Certainly I would probably find it easier to troubleshoot a text-based protocol too. I just think it's a relatively minor case in the grand scheme of things.
How does a sysadmin debug a binary application for which he doesn't have any symbols?
On the other hand, are Wireshark and tcpdump now the gatekeepers for new protocols?
What's your point? I'm not making a value judgement.
You say that to me a lot.
My point is that I imagine a network designer shouldn't focus on Wireshark or tcpdump integration over other non-functional requirements such as, well, network performance.
Network performance isn't as visible as the non-functional requirement of inspectability because it is amortised over potentially millions of machines, whereas inspectability is an immediately visible issue to the select few who "pop the hood" to fix an issue or simply to have a look.
For example: in terms of network capacity, I wonder how much HTTP headers cost all of us collectively. Probably a lot more than the cost of making a Wireshark plugin and having sysadmins install it as necessary.
Edit: put another way, I think designers should prioritise the needs of the people who pay the cost of network operation over the convenience of the operators.
There's a feedback loop here -- if it's too hard and thus very expensive to operate a system, then optimising for performance was a false win. But I don't think this is such a case, especially since as you pointed out elsewhere there are a number of very mature binary wire formats that were extant in 2007.

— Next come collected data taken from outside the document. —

(* Let $A\in\mathbb{R}^{m\times n}$, $b\in\mathbb{R}^m$, $C\in\mathbb{R}^{p\times n}$, $d\in\mathbb{R}^p$ and let $\mathcal{Y}\subseteq\mathbb{R}^n$ be a polyhedral set, and assume the polyhedral set $\mathcal{X}^*=\{x\in\mathcal{Y}:Ax=b,\ Cx\le d\}$ is nonempty. Let $\delta\in(0,2)$, $\beta\in(0,2)$, $x_0\in\mathcal{Y}$, and let $x_k$ be generated by algorithm SSP-LS described in the context. Then for all $k\ge0$, $$\mathbb{E}[\mathrm{dist}^2(x_k,\mathcal{X}^* )]\le\Big(1-\frac1c\min\Big(\frac{\delta(2-\delta)}{2\kappa_{\mathrm{block}}^2},\ \frac{2-\delta}{4\delta},\ \frac{\beta(2-\beta)}{2}\Big)\Big)^k\mathrm{dist}^2(x_0,\mathcal{X}^* ).$$
   Context: The rows of $A$ (with $b$) are partitioned into blocks $(A_\zeta^T,b_\zeta)$, $\zeta\in\Omega_1$, so $A_\zeta^T$ is a block of rows of $A$; the rows of $C$ (with $d$) are partitioned into blocks $(C_\xi^T,d_\xi)$, $\xi\in\Omega_2$. $\mathbf{P}_1$, $\mathbf{P}_2$ are probability distributions on the (finite) block index sets $\Omega_1$, $\Omega_2$. Define $\mathcal{A}_\zeta=\{x:A_\zeta^Tx=b_\zeta\}$ and $\mathcal{C}_\xi=\{x:C_\xi^Tx\le d_\xi\}$, so $\mathcal{X}^*=\mathcal{Y}\cap\bigcap_\zeta\mathcal{A}_\zeta\cap\bigcap_\xi\mathcal{C}_\xi$. $\Pi_S$ denotes Euclidean projection onto a closed convex set $S$, $\mathrm{dist}$ the Euclidean distance. The constant $c\in(0,\infty)$ is a Hoffman constant: $\mathrm{dist}^2(u,\mathcal{X}^* )\le c\,\mathbb{E}_{\zeta\sim\mathbf{P}_1,\xi\sim\mathbf{P}_2}[\mathrm{dist}^2(u,\mathcal{A}_\zeta)+\mathrm{dist}^2(u,\mathcal{C}_\xi)]$ for all $u\in\mathcal{Y}$ (such $c$ exists since $\mathcal{X}^*$ is a nonempty polyhedron). The maximum block condition number is $\kappa_{\mathrm{block}}=\max_{\zeta}\|A_\zeta^T\|\cdot\|(A_\zeta^T)^\dagger\|$, the maximum over blocks $\zeta$ in the support of $\mathbf{P}_1$, with $\dagger$ the Moore–Penrose pseudoinverse and $\|\cdot\|$ the spectral norm. Algorithm SSP-LS: for $k\ge0$, sample $\zeta_k\sim\mathbf{P}_1$ and $\xi_k\sim\mathbf{P}_2$ independently of each other and of the past, and set $\alpha_k=\delta\frac{\|A_{\zeta_k}^Tx_k-b_{\zeta_k}\|^2}{\|A_{\zeta_k}(A_{\zeta_k}^Tx_k-b_{\zeta_k})\|^2}$ (with $0/0=0$), $v_k=x_k-\alpha_kA_{\zeta_k}(A_{\zeta_k}^Tx_k-b_{\zeta_k})$, $z_k=(1-\beta)v_k+\beta\Pi_{\mathcal{C}_{\xi_k}}(v_k)$, $x_{k+1}=\Pi_{\mathcal{Y}}(z_k)$. *)

From HB Require Import structures.
From mathcomp Require Import all_boot all_order all_algebra.
From mathcomp Require Import boolp classical_sets reals.
Set Implicit Arguments. Unset Strict Implicit. Unset Printing Implicit Defensive.
Import Order.TTheory GRing.Theory Num.Theory.
Local Open Scope classical_set_scope.
Local Open Scope ring_scope.

Section Defs.
Variable R : realType.

Definition sqn {k : nat} (v : 'cV[R]_k) : R := \sum_i (v i 0) ^+ 2.
Definition enorm {k : nat} (v : 'cV[R]_k) : R := Num.sqrt (sqn v).

Definition dist2 {n : nat} (u : 'cV[R]_n) (S : set 'cV[R]_n) : R :=
  inf [set sqn (u - s) | s in S].

Definition proj {n : nat} (S : set 'cV[R]_n) (v : 'cV[R]_n) : 'cV[R]_n :=
  xget 0 (fun y => S y /\ forall s, S s -> sqn (v - y) <= sqn (v - s)).

Definition polyhedral {n : nat} (Y : set 'cV[R]_n) : Prop :=
  exists (q : nat) (G : 'M[R]_(q, n)) (h : 'cV[R]_q),
    Y = [set x | forall i, (G *m x) i 0 <= h i 0].

Definition opnorm {p q : nat} (M : 'M[R]_(p, q)) : R :=
  sup [set enorm (M *m v) | v in [set v : 'cV[R]_q | enorm v <= 1]].

Definition is_MP_pinv {p q : nat} (M : 'M[R]_(p, q)) (X : 'M[R]_(q, p)) : Prop :=
  [/\ M *m X *m M = M, X *m M *m X = X,
      (M *m X)^T = M *m X & (X *m M)^T = X *m M].
Definition pinv {p q : nat} (M : 'M[R]_(p, q)) : 'M[R]_(q, p) :=
  xget 0 (is_MP_pinv M).

Variables (m n p : nat) (Om1 Om2 : finType).
Variables (A : 'M[R]_(m, n)) (b : 'cV[R]_m) (C : 'M[R]_(p, n)) (d : 'cV[R]_p).
(* row partitions: row i of (A,b) belongs to block blk1 i; row i of (C,d) to blk2 i *)
Variables (blk1 : 'I_m -> Om1) (blk2 : 'I_p -> Om2).

(* block zeta of A (rows not in the block replaced by zero rows) *)
Definition Ablk (z : Om1) : 'M[R]_(m, n) :=
  \matrix_(i, j) (if blk1 i == z then A i j else 0).
Definition bblk (z : Om1) : 'cV[R]_m :=
  \col_i (if blk1 i == z then b i 0 else 0).

Definition Aset (z : Om1) : set 'cV[R]_n := [set x | Ablk z *m x = bblk z].
Definition Cset (xi : Om2) : set 'cV[R]_n :=
  [set x | forall i, blk2 i = xi -> (C *m x) i 0 <= d i 0].

Definition Xstar (Y : set 'cV[R]_n) : set 'cV[R]_n :=
  [set x | Y x /\ A *m x = b /\ forall i, (C *m x) i 0 <= d i 0].

Definition kappa_block (P1 : Om1 -> R) : R :=
  \big[Num.max/0]_(z | 0 < P1 z) (opnorm (Ablk z) * opnorm (pinv (Ablk z))).

Definition ssp_step (Y : set 'cV[R]_n) (delta beta : R) (z : Om1) (xi : Om2)
    (x : 'cV[R]_n) : 'cV[R]_n :=
  let r := Ablk z *m x - bblk z in
  let g := (Ablk z)^T *m r in
  let alpha := delta * sqn r / sqn g in   (* x / 0 = 0 in MathComp *)
  let v := x - alpha *: g in
  let zz := (1 - beta) *: v + beta *: proj (Cset xi) v in
  proj Y zz.

(* Expected squared distance E[dist^2(x_k, Xstar)] of the k-th iterate started at x,
   for i.i.d. samples zeta_k ~ P1, xi_k ~ P2 independent of each other *)
Fixpoint exp_dist2 (Y : set 'cV[R]_n) (delta beta : R) (P1 : Om1 -> R) (P2 : Om2 -> R)
    (k : nat) (x : 'cV[R]_n) : R :=
  match k with
  | 0 => dist2 x (Xstar Y)
  | k'.+1 => \sum_(z : Om1) \sum_(xi : Om2)
               P1 z * P2 xi * exp_dist2 Y delta beta P1 P2 k' (ssp_step Y delta beta z xi x)
  end.

(* the rate constant min(...) ; if kappa_block = 0 the first term is +infinity *)
Definition rate_min (P1 : Om1 -> R) (delta beta : R) : R :=
  let kap := kappa_block P1 in
  let rest := Num.min ((2 - delta) / (4 * delta)) (beta * (2 - beta) / 2) in
  if kap == 0 then rest
  else Num.min (delta * (2 - delta) / (2 * kap ^+ 2)) rest.

End Defs.

(* Fix y in X*.  Each of the three moves of an SSP-LS iteration brings the
   iterate closer to y: the extrapolated step on the block zeta decreases
   |x - y|^2 by delta (2 - delta) T with T = |r|^4 / |A_zeta r|^2, the relaxed
   projection onto C_xi decreases it by beta (2 - beta) |v - Pi(v)|^2, and the
   projection onto Y does not increase it (obtuse-angle property).  These gains
   dominate mu (dist^2(x, A_zeta) + dist^2(x, C_xi)): the point
   x - (A_zeta^T)^+ r lies in A_zeta, so dist^2(x, A_zeta) <= kappa^2 T, and
   dist^2(x, C_xi) <= 2 |x - v|^2 + 2 |v - Pi(v)|^2.  Averaging over
   (zeta, xi), minimizing over y and applying the Hoffman bound contracts the
   expected squared distance by 1 - mu / c; induction on k concludes.
   Projections onto polyhedra exist because a minimizing sequence is Cauchy by
   the parallelogram law and polyhedra are closed. *)

From HB Require Import structures.
From mathcomp Require Import all_boot all_order all_algebra.
From mathcomp Require Import boolp classical_sets reals.
From mathcomp Require Import ring lra.
Set Implicit Arguments. Unset Strict Implicit. Unset Printing Implicit Defensive.
Import Order.TTheory GRing.Theory Num.Theory.
Local Open Scope classical_set_scope.
Local Open Scope ring_scope.

Section InnerProduct.
Variable R : realType.
Implicit Types (k : nat) (a : R).

Definition dot {k} (u w : 'cV[R]_k) : R := \sum_i u i 0 * w i 0.

Lemma dotvv k (v : 'cV[R]_k) : dot v v = sqn v.
Proof. by apply: eq_bigr => i _; rewrite expr2. Qed.

Lemma dotC k (u w : 'cV[R]_k) : dot u w = dot w u.
Proof. by apply: eq_bigr => i _; rewrite mulrC. Qed.

Lemma dotDl k (u v w : 'cV[R]_k) : dot (u + v) w = dot u w + dot v w.
Proof. by rewrite /dot -big_split; apply: eq_bigr => i _; rewrite !mxE mulrDl. Qed.

Lemma dotZl k a (u w : 'cV[R]_k) : dot (a *: u) w = a * dot u w.
Proof. by rewrite /dot mulr_sumr; apply: eq_bigr => i _; rewrite !mxE mulrA. Qed.

Lemma dotNl k (u w : 'cV[R]_k) : dot (- u) w = - dot u w.
Proof. by rewrite -scaleN1r dotZl mulN1r. Qed.

Lemma dotBl k (u v w : 'cV[R]_k) : dot (u - v) w = dot u w - dot v w.
Proof. by rewrite dotDl dotNl. Qed.

Lemma dotDr k (u v w : 'cV[R]_k) : dot w (u + v) = dot w u + dot w v.
Proof. by rewrite dotC dotDl !(dotC w). Qed.

Lemma dotZr k a (u w : 'cV[R]_k) : dot w (a *: u) = a * dot w u.
Proof. by rewrite dotC dotZl dotC. Qed.

Lemma dotNr k (u w : 'cV[R]_k) : dot w (- u) = - dot w u.
Proof. by rewrite dotC dotNl dotC. Qed.

Lemma dotBr k (u v w : 'cV[R]_k) : dot w (u - v) = dot w u - dot w v.
Proof. by rewrite dotDr dotNr. Qed.

Lemma dot0r k (u : 'cV[R]_k) : dot u 0 = 0.
Proof. by rewrite /dot big1 // => i _; rewrite mxE mulr0. Qed.

Lemma dot_mulmxl k l (M : 'M[R]_(k, l)) u w : dot (M *m u) w = dot u (M^T *m w).
Proof.
rewrite /dot; under eq_bigr => i _ do rewrite mxE big_distrl /=.
rewrite exchange_big /=; apply: eq_bigr => j _.
by rewrite mxE big_distrr /=; apply: eq_bigr => i _; rewrite mxE; ring.
Qed.

Lemma sqn_ge0 k (v : 'cV[R]_k) : 0 <= sqn v.
Proof. by apply: sumr_ge0 => i _; rewrite sqr_ge0. Qed.

Lemma sqn0 k : sqn (0 : 'cV[R]_k) = 0.
Proof. by rewrite -dotvv dot0r. Qed.

Lemma sqn_eq0 k (v : 'cV[R]_k) : (sqn v == 0) = (v == 0).
Proof.
apply/eqP/eqP => [|->]; last exact: sqn0.
move/eqP; rewrite psumr_eq0 => [/allP v0|i _]; last exact: sqr_ge0.
apply/matrixP => i j; rewrite (ord1 j) mxE.
by apply/eqP; rewrite -sqrf_eq0; exact: v0 (mem_index_enum i).
Qed.

Lemma sqn_gt0 k (v : 'cV[R]_k) : (0 < sqn v) = (v != 0).
Proof. by rewrite lt_def sqn_eq0 sqn_ge0 andbT. Qed.

Lemma sqr_coord_le_sqn k (v : 'cV[R]_k) i : v i 0 ^+ 2 <= sqn v.
Proof. by rewrite /sqn (bigD1 i) //= lerDl; apply: sumr_ge0 => j _; exact: sqr_ge0. Qed.

Lemma sqnD k (u w : 'cV[R]_k) : sqn (u + w) = sqn u + 2 * dot u w + sqn w.
Proof. rewrite -!dotvv !dotDl !dotDr (dotC w u); ring. Qed.

Lemma sqnB k (u w : 'cV[R]_k) : sqn (u - w) = sqn u - 2 * dot u w + sqn w.
Proof. rewrite -!dotvv !dotBl !dotBr (dotC w u); ring. Qed.

Lemma sqnZ k a (u : 'cV[R]_k) : sqn (a *: u) = a ^+ 2 * sqn u.
Proof. rewrite -!dotvv dotZl dotZr; ring. Qed.

Lemma sqnD_le k (u w : 'cV[R]_k) : sqn (u + w) <= 2 * sqn u + 2 * sqn w.
Proof. have := sqn_ge0 (u - w); rewrite sqnB sqnD; lra. Qed.

Lemma cauchy_schwarz k (u w : 'cV[R]_k) : dot u w ^+ 2 <= sqn u * sqn w.
Proof.
have [->|w0] := eqVneq w 0; first by rewrite dot0r sqn0 expr0n mulr0.
have := sqn_ge0 (sqn w *: u - dot u w *: w).
rewrite sqnB !sqnZ dotZl dotZr.
have -> : sqn w ^+ 2 * sqn u - 2 * (sqn w * (dot u w * dot u w)) + dot u w ^+ 2 * sqn w
          = sqn w * (sqn u * sqn w - dot u w ^+ 2) by ring.
by rewrite pmulr_rge0 ?sqn_gt0 // subr_ge0.
Qed.

End InnerProduct.

Section OperatorNorm.
Variable R : realType.
Implicit Types k l : nat.

Lemma enorm_sqr k (v : 'cV[R]_k) : enorm v ^+ 2 = sqn v.
Proof. by rewrite sqr_sqrtr // sqn_ge0. Qed.

Lemma enorm_ge0 k (v : 'cV[R]_k) : 0 <= enorm v.
Proof. exact: sqrtr_ge0. Qed.

Lemma sqn_mulmx_le_frobenius k l (M : 'M[R]_(k, l)) v :
  sqn (M *m v) <= (\sum_i \sum_j M i j ^+ 2) * sqn v.
Proof.
rewrite /sqn [in leRHS]mulr_suml; apply: ler_sum => i _.
have -> : (M *m v) i 0 = dot (row i M)^T v.
  by rewrite mxE; apply: eq_bigr => j _; rewrite !mxE.
apply: le_trans (cauchy_schwarz _ _) _; apply: ler_wpM2r; first exact: sqn_ge0.
by rewrite /sqn; under eq_bigr do rewrite !mxE.
Qed.

Lemma opnorm_has_sup k l (M : 'M[R]_(k, l)) :
  has_sup [set enorm (M *m v) | v in [set v : 'cV[R]_l | enorm v <= 1]].
Proof.
split; first by exists (enorm (M *m 0)), 0 => //=; rewrite /enorm sqn0 sqrtr0.
exists (Num.sqrt (\sum_i \sum_j M i j ^+ 2)) => _ [v /= v1 <-].
have F0 : 0 <= \sum_i \sum_j M i j ^+ 2 :> R.
  by apply: sumr_ge0 => i _; apply: sumr_ge0 => j _; exact: sqr_ge0.
have v1' : sqn v <= 1.
  by rewrite -enorm_sqr -(expr1n R 2); apply: lerXn2r; rewrite ?nnegrE ?enorm_ge0.
apply: ler_wsqrtr; apply: le_trans (sqn_mulmx_le_frobenius M v) _.
by rewrite ler_piMr.
Qed.

Lemma enorm_mulmx_le_opnorm k l (M : 'M[R]_(k, l)) v :
  enorm v <= 1 -> enorm (M *m v) <= opnorm M.
Proof. by move=> v1; apply: (sup_upper_bound (opnorm_has_sup M)); exists v. Qed.

Lemma opnorm_ge0 k l (M : 'M[R]_(k, l)) : 0 <= opnorm M.
Proof.
apply: le_trans (enorm_mulmx_le_opnorm M (v := 0) _); first exact: enorm_ge0.
by rewrite /enorm sqn0 sqrtr0.
Qed.

Lemma sqn_mulmx_le k l (M : 'M[R]_(k, l)) v : sqn (M *m v) <= opnorm M ^+ 2 * sqn v.
Proof.
have [->|v0] := eqVneq v 0; first by rewrite mulmx0 !sqn0 mulr0.
have s0 : enorm v != 0 by rewrite sqrtr_eq0 -ltNge sqn_gt0.
set u := (enorm v)^-1 *: v.
have u1 : enorm u <= 1.
  have su : sqn u = 1 by rewrite sqnZ -(enorm_sqr v) -exprMn mulVf // expr1n.
  by rewrite /enorm su sqrtr1.
have -> : sqn (M *m v) = sqn v * sqn (M *m u).
  by rewrite /u -scalemxAr sqnZ mulrA -(enorm_sqr v) -exprMn mulfV // expr1n mul1r.
rewrite [leRHS]mulrC; apply: ler_wpM2l; first exact: sqn_ge0.
rewrite -enorm_sqr; apply: lerXn2r; rewrite ?nnegrE ?enorm_ge0 ?opnorm_ge0 //.
exact: enorm_mulmx_le_opnorm.
Qed.

Lemma sqn_trmx_mulmx_le k l (M : 'M[R]_(k, l)) r :
  sqn (M^T *m r) <= opnorm M ^+ 2 * sqn r.
Proof.
set g := M^T *m r.
have [g0|gn0] := eqVneq g 0; first by rewrite g0 sqn0 mulr_ge0 ?exprn_ge0 ?opnorm_ge0 ?sqn_ge0.
have gp : 0 < sqn g by rewrite sqn_gt0.
have sqn_gE : sqn g = dot r (M *m g) by rewrite dotC dot_mulmxl dotvv.
have := cauchy_schwarz r (M *m g); rewrite -sqn_gE => cs.
rewrite -(ler_pM2r gp) -expr2; apply: le_trans cs _.
apply: le_trans (ler_wpM2l (sqn_ge0 r) (sqn_mulmx_le M g)) _.
by rewrite mulrCA mulrA.
Qed.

See: http://cr.yp.to/sarcasm/modest-proposal.txt
"I implore [you] to remember Dave and Virginia, preying on the drug addicts of the next generation and the sexually dissatisfied men of the previous generation. How different their careers could have been if their parents had not downloaded so many terabytes of data! We must not abandon our children to such a fate."
Not as absurd as you'd think. You don't want to debug the protocol itself, but you want to be able to easily read what messages were exchanged.
I get the rationale. But I think it's weak, and this entire post is lots of fluff around that core rationale. (I've been writing extensible binary protocols back in 1988 - and it never struck me as particularly difficult even back then.)
There's a complete chapter in The Art of Unx Programming about the importance of being textual:
http://catb.org/~esr/writings/taoup/html/textualitychapter.htmlHTTP-style query strings are a horrible format, whether you like ASCII or not.
I would accept the ease of debugging argument if these messages weren't so small and so common. 1000 servers constructing strings and sending them over the network once a second is a nontrivial waste of resources.